Inauspicious Beginnings: Five Ws and an H

I hate first blog posts. I always feel pressure to get things started in just the right way: first posts should frame my project or my goals with foresight and ambition, should introduce myself in a voice that makes me sound fun and intelligent enough to keep your interest. First posts should be auspicious. This pile of shoulds freaks me out, and I usually end up procrastinating, fretting, over-thinking, and ultimately not writing. Shoulds are the adversaries of writing.

So, an inauspicious beginning is in order. Let’s see how prosaic I can be: just the facts.

Who (am I)?

My name’s Andrew Lucchesi. I am a PhD student at the City University of New York Graduate Center, where I’m working on a degree in English. I spend most of my time thinking about writing, teaching, and learning, and how these three complex processes are related. Over the last four years teaching college writing classes and studying composition and rhetoric, I have learned to think about writing in complicated ways: writing–both alphabetic and digital–is at once tool for making things for others (finished texts) and also a tool I can use for myself, companion to help me become better learner, thinker, and worker. I try to teach my students to think about writing this way, and I try my best to believe it myself, to practice what I preach. I know that I am never done learning to write, and that writing about my own learning process is the best way to speed this learning along. Which leads me to question two:

What (is this blog about)?

I’m calling this a learning/doing blog. I am picturing it as a mix of an informal publication venue and a process journal for my writing and research work. To keep me working on my various article and dissertation projects, I will post drafts and chunks of writing that are parts of larger works-in-progress. Feedback and suggestions are welcome. I will also post reflective writing in which I take a step back and talk about my process as a developing academic writer–what’s working, what’s not, what’s next. At some point, I will more fully flesh out the theoretical underpinnings of this blog project–what exactly I mean by learning/doing. In lieu of a thorough explanation, I’ll give you an idea of the ground I mean to cover.

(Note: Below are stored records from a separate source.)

(* For every $k\ge1$ and every word $\gamma_1\gamma_2\cdots\gamma_k\in\{A,B,C\}^k$ there is a continuous function $f_{\gamma_1\cdots\gamma_k}:T\to[0,1]$, independent of $Q$ and $\alpha$, such that for every integer $Q\ge2$ and every irrational $\alpha\in(0,1)$, with $q_1,q_2$ the denominators of the consecutive Farey fractions $a_1/q_1<\alpha<a_2/q_2$ of order $Q-1$, \[ \frac{\#\{\Gamma\in G_{Q,k}(\alpha):\ \Gamma=\gamma_1\gamma_2\cdots\gamma_k\}}{Q}=f_{\gamma_1\cdots\gamma_k}\!\left(\frac{q_1}{Q},\frac{q_2}{Q}\right). \] For $k=1$ one has $f_A(x,y)=1-x$, $f_B(x,y)=1-y$, $f_C(x,y)=x+y-1$.
   Context: $T=\{(x,y): x\le1,\ y\le1,\ x+y\ge1\}$. For irrational $\alpha$, $S_Q(\alpha)$ is the set $\{n\alpha\}$, $0\le n<Q$, on the circle $[0,1]$ with $0\sim1$; its $Q$ gaps have one of three lengths $A=q_1\alpha-a_1$, $B=a_2-q_2\alpha$, $C=A+B$, where $a_1/q_1<\alpha<a_2/q_2$ are consecutive Farey fractions in $[0,1]$ with denominators $<Q$; each gap is labelled by the letter $A$, $B$ or $C$ according to its length. $G_{Q,k}(\alpha)$ is the list (with multiplicity) of the $Q$ words $\gamma_1\cdots\gamma_k$ of labels of $k$ consecutive gaps of $S_Q(\alpha)$, starting at each of the $Q$ gaps in turn and wrapping around $0$. For example $G_{10,2}(\sqrt2)=\{AC,CA,AB,BA,AC,CA,AB,BA,AB,BA\}$. *)

From Stdlib Require Import Reals Lra Lia Arith List ClassicalEpsilon.
Import ListNotations.
Open Scope R_scope.

Definition inT (x y : R) : Prop := x <= 1 /\ y <= 1 /\ x + y >= 1.

Definition continuous_on_T (f : R -> R -> R) : Prop :=
  forall x y, inT x y -> forall eps, eps > 0 ->
    exists delta, delta > 0 /\
      forall x' y', inT x' y' -> Rabs (x' - x) < delta -> Rabs (y' - y) < delta ->
        Rabs (f x' y' - f x y) < eps.

Definition irrational (a : R) : Prop :=
  forall (p q : Z), IZR q <> 0 -> a <> IZR p / IZR q.

(* a1/q1 < alpha < a2/q2 are consecutive (reduced) Farey fractions in [0,1]
   with denominators < Q, i.e. of order Q-1. *)
Definition farey_consec (Q : nat) (alpha : R) (a1 q1 a2 q2 : nat) : Prop :=
  (1 <= q1 <= Q - 1)%nat /\ (1 <= q2 <= Q - 1)%nat /\
  (a1 <= q1)%nat /\ (a2 <= q2)%nat /\
  Nat.gcd a1 q1 = 1%nat /\ Nat.gcd a2 q2 = 1%nat /\
  INR a1 / INR q1 < alpha < INR a2 / INR q2 /\
  forall a q : nat, (1 <= q <= Q - 1)%nat ->
    ~ (INR a1 / INR q1 < INR a / INR q < INR a2 / INR q2).

Inductive letter := LA | LB | LC.

Definition letter_len (alpha : R) (a1 q1 a2 q2 : nat) (l : letter) : R :=
  match l with
  | LA => INR q1 * alpha - INR a1
  | LB => INR a2 - INR q2 * alpha
  | LC => (INR q1 * alpha - INR a1) + (INR a2 - INR q2 * alpha)
  end.

Definition fwd (alpha : R) (n m : nat) : R := frac_part ((INR m - INR n) * alpha).

(* {m alpha} is the point of S_Q(alpha) immediately following {n alpha}
   (going around the circle); the gap starting at {n alpha} has length fwd n m. *)
Definition next_pt (alpha : R) (Q n m : nat) : Prop :=
  (m < Q)%nat /\ m <> n /\
  forall m', (m' < Q)%nat -> m' <> n -> fwd alpha n m <= fwd alpha n m'.

(* The word of labels of the k = length w consecutive gaps starting at the
   gap beginning at {n alpha} equals w. *)
Definition word_at (alpha : R) (Q a1 q1 a2 q2 : nat) (w : list letter) (n : nat) : Prop :=
  exists s : nat -> nat, s 0%nat = n /\
    forall i, (i < length w)%nat ->
      next_pt alpha Q (s i) (s (S i)) /\
      fwd alpha (s i) (s (S i)) = letter_len alpha a1 q1 a2 q2 (nth i w LA).

Definition count_lt (Q : nat) (P : nat -> Prop) : nat :=
  length (filter (fun n => if excluded_middle_informative (P n) then true else false)
                 (seq 0 Q)).

(* #{Gamma in G_{Q,k}(alpha) : Gamma = w}: gaps are indexed by their left
   endpoint {n alpha}, 0 <= n < Q. *)
Definition count_word (Q : nat) (alpha : R) (a1 q1 a2 q2 : nat) (w : list letter) : nat :=
  count_lt Q (word_at alpha Q a1 q1 a2 q2 w).

(* Since a1/q1 < a2/q2 are neighbours in the Farey sequence of order Q - 1, we have
   a2 q1 - a1 q2 = 1 and q1 + q2 >= Q.  Writing every displacement {(m - n) alpha} as an
   integer combination of A = q1 alpha - a1 and B = a2 - q2 alpha shows that the point of
   S_Q(alpha) following {n alpha} is {(n + q1) alpha} (gap A) if n < Q - q1,
   {(n - q2) alpha} (gap B) if n >= q2, and {(n + q1 - q2) alpha} (gap C) otherwise.
   Hence the n at which a word w starts form an integer interval whose endpoints are built
   from Q, q1, q2 by translations, max and min; after division by Q they become Lipschitz
   functions of (q1/Q, q2/Q). *)

From Stdlib Require Import Reals List Lra Lia ZArith ClassicalEpsilon.
Import ListNotations.
Open Scope R_scope.

Lemma frac_part_IZR_plus (p : Z) (e : R) : 0 <= e < 1 -> frac_part (IZR p + e) = e.
Proof. intros He. now destruct (Int_part_frac_part_spec (IZR p + e) p e He eq_refl). Qed.

Lemma irrational_int_multiple (alpha : R) (d p : Z) :
  irrational alpha -> IZR d * alpha = IZR p -> d = 0%Z.
Proof.
  intros Hirr E. destruct (Z.eq_dec d 0) as [|Hd]; [assumption|exfalso].
  assert (Hd' : IZR d <> 0) by (intro; apply Hd, eq_IZR_R0; assumption).
  apply (Hirr p d Hd'). rewrite <- E. field. exact Hd'.
Qed.

Lemma lt_comb_signs (x y : R) (s t : Z) :
  0 < x -> 0 < y -> IZR s * x < IZR t * y ->
  ((0 <= s)%Z -> (1 <= t)%Z) /\ ((t <= 0)%Z -> (s <= -1)%Z).
Proof.
  intros Hx Hy H. split; intros Hst; apply Z.nlt_ge; intros Hts.
  - assert (IZR t <= 0) by (apply IZR_le; lia).
    assert (0 <= IZR s) by (apply IZR_le; lia). nra.
  - assert (IZR t <= 0) by (apply IZR_le; lia).
    assert (0 <= IZR s) by (apply IZR_le; lia). nra.
Qed.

Where (will this blog go?)

You can expect posts on this blog to include things like this:

  • Drafts and chunks of writing for conference talks, dissertation chapters, webtexts, videos, and other formal products
  • Musings and speculations on ideas emerging from my research
  • Report-backs from workshops or other public events (done by me or by others)
  • Reflections on my experiments with various digital tools or writing techniques
    • Coming soon: my experiments with the digital mapping/composing tool Mural.ly
  • Rants and diatribes about life as a graduate student, my learning process, and Beyonce-themed podcasts

When (will I post?)

I’m planning to post at least once a week, probably by Fridays. While I would like every post to be interesting and important, the truth of the matter is that this blog is more about process than product. The important thing for me is that I post something every week: it’s about routine, not revelation. It’s about committing to a process that will help me develop healthy writing habits and keep my demons of self-doubt in check. So you can expect some variety from week to week in terms of format (and probably quality too). But I promise to update every week.

Why (should you read?)

I can imagine some reasons why you might read my blog. Perhaps you are a graduate student yourself, and you’re also struggling to develop your professional identity, your writerly voice, your teaching style, all that. Maybe you too are thinking about writing a dissertation and want to stay sane (whatever that is) while doing it. Or perhaps you share similar research interests with me, and you’ll be interested in my ideas and scholarship on disability or pedagogy or literacy. If this is the case, you might check out my annotated bibliography archive, where I review and respond to the books and articles I’m reading. Perhaps–and this feels unlikely–you simply like the way I write, or you know me personally or want to get to know me better. Maybe you simply enjoy reading what I write and it has no particular utility to you at all.

How (should you interact?)

Whatever your reasons for reading my blog, I want to encourage you to interact by commenting, contacting me, or spreading the word through social media. Whether I’m posting polished drafts or loose musings, I would love feedback: disagreements, questions, corrections, encouragements, anything. I want to start discussions. So, please, don’t be shy.